In the entries that follow, the line with "[forall Y in" opens the range and the line with "[exists u : pt, exists" closes it; repeat that range exactly, both lines included.

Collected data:

--------

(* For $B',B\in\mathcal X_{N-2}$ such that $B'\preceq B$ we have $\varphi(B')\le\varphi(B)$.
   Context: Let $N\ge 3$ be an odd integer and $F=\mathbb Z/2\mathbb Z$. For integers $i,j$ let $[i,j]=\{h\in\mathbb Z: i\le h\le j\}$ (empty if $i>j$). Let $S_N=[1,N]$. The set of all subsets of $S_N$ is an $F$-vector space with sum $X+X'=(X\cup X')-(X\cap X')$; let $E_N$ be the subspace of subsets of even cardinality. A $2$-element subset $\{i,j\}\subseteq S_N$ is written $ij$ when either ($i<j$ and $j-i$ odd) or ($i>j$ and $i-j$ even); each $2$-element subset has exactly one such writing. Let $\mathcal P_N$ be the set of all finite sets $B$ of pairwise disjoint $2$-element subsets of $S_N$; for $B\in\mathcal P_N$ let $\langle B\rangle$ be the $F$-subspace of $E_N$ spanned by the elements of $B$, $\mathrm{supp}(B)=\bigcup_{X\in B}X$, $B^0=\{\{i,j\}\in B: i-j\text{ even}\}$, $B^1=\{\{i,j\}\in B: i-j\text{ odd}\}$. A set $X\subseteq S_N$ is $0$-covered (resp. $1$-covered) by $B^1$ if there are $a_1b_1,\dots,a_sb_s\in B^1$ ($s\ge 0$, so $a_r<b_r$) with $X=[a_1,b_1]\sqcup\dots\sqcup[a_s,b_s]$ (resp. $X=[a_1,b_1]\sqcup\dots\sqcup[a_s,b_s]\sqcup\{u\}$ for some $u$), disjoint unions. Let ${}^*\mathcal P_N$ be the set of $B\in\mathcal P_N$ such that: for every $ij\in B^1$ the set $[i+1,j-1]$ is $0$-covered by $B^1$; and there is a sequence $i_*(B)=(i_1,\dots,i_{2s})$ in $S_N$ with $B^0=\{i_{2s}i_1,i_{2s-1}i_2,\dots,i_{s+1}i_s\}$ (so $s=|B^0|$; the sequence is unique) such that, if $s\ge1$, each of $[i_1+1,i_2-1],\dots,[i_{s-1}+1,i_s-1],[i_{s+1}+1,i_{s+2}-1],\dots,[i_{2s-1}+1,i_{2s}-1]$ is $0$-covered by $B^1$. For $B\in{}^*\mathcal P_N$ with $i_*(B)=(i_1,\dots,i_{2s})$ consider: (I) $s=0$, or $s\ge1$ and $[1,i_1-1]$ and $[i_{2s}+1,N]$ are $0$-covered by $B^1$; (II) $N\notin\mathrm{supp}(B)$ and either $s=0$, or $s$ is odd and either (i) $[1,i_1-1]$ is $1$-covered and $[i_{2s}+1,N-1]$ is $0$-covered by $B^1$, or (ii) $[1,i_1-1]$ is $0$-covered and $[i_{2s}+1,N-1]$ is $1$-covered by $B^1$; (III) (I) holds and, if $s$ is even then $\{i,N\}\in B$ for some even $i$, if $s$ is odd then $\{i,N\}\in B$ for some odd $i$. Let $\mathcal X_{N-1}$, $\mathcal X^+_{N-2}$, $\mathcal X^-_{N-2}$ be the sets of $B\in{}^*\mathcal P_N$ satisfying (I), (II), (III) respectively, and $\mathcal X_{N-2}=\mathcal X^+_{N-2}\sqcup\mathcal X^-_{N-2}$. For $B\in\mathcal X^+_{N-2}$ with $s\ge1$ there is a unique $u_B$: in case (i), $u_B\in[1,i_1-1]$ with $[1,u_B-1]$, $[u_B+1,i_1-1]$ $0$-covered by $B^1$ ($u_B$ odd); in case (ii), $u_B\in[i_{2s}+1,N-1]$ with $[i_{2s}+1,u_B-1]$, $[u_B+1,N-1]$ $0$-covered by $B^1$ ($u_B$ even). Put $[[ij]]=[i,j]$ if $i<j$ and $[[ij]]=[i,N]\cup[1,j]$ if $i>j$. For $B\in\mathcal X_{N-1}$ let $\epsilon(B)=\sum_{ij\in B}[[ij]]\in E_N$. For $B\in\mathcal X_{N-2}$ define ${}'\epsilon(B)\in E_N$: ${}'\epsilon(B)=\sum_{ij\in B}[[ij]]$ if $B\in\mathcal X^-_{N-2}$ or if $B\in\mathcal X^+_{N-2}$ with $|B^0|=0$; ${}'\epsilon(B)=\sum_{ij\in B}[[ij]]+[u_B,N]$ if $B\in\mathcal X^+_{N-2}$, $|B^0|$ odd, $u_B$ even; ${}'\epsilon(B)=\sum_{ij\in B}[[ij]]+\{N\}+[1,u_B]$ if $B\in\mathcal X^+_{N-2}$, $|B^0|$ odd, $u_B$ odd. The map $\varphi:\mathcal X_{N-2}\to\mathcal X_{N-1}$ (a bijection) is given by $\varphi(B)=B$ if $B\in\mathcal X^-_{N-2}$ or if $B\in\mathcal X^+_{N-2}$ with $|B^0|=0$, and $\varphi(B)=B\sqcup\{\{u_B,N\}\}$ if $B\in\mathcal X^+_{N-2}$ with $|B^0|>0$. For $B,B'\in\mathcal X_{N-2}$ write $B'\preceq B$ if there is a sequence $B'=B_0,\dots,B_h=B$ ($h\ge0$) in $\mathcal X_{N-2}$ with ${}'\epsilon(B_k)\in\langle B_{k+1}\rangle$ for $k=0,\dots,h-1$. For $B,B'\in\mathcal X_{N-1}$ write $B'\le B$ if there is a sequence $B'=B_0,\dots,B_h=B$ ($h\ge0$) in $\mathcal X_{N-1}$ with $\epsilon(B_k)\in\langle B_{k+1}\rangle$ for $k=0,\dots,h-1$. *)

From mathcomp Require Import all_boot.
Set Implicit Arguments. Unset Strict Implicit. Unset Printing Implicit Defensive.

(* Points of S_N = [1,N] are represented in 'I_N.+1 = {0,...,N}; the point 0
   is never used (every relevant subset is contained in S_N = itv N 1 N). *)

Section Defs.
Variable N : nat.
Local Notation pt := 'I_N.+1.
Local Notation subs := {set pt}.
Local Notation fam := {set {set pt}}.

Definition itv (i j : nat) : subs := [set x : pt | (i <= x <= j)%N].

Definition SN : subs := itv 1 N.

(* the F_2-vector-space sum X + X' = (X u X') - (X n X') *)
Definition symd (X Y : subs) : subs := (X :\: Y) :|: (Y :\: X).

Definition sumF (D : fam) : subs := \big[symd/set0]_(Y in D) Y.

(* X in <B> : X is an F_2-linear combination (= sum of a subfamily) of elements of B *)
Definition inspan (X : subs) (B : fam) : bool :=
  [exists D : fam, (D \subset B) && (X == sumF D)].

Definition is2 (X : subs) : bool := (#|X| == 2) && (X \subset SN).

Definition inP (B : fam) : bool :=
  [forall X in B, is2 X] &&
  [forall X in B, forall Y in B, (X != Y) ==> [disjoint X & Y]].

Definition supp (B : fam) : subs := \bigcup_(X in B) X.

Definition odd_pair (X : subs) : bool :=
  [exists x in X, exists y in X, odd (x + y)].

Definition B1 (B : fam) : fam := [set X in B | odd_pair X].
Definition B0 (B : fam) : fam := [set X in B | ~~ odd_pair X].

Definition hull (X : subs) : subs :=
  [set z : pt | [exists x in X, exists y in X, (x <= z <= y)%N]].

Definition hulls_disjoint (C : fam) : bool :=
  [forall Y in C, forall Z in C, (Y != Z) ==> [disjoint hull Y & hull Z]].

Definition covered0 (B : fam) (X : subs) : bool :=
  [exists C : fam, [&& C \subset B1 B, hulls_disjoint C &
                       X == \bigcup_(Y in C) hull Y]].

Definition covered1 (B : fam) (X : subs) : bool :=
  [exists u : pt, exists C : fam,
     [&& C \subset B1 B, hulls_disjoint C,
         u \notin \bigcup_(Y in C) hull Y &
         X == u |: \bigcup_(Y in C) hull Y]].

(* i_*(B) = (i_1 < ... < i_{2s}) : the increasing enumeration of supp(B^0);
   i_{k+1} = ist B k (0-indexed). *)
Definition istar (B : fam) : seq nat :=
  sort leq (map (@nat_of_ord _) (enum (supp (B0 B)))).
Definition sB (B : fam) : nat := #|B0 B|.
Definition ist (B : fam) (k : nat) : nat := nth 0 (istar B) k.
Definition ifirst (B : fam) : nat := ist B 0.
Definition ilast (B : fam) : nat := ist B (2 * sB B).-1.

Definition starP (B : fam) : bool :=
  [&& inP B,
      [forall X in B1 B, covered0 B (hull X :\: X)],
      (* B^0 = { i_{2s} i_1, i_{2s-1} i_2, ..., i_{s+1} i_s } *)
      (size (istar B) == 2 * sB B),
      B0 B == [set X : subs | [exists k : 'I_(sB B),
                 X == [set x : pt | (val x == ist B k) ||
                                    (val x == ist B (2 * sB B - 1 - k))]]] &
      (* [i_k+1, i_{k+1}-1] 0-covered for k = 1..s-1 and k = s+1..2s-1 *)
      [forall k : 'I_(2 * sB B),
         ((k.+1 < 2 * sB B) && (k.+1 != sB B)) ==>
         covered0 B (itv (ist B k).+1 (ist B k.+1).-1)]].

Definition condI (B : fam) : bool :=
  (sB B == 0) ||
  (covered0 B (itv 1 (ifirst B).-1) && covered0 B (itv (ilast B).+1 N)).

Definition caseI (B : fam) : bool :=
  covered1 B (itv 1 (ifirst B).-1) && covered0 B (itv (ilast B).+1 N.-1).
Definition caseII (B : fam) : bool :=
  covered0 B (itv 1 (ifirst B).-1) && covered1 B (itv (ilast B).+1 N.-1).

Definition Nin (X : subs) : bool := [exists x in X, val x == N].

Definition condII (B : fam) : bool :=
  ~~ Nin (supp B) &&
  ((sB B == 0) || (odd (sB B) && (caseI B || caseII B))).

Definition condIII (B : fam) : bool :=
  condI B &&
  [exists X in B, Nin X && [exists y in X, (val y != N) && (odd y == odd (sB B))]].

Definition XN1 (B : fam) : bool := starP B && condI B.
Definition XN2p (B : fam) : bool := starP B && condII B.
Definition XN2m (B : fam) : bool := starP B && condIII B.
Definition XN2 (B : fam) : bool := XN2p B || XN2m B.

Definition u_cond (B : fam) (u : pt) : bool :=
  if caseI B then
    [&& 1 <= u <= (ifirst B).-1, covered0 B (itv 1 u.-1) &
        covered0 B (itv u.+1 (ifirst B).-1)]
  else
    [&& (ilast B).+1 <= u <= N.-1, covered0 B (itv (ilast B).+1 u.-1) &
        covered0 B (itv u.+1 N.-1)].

--------

Answer space:
  [forall Y in C, forall Z in C, (Y != Z) ==> [disjoint hull Y & hull Z]].

Definition covered0 (B : fam) (X : subs) : bool :=
  [exists C : fam, [&& C \subset B1 B, hulls_disjoint C &
                       X == \bigcup_(Y in C) hull Y]].

Definition covered1 (B : fam) (X : subs) : bool :=
  [exists u : pt, exists C : fam,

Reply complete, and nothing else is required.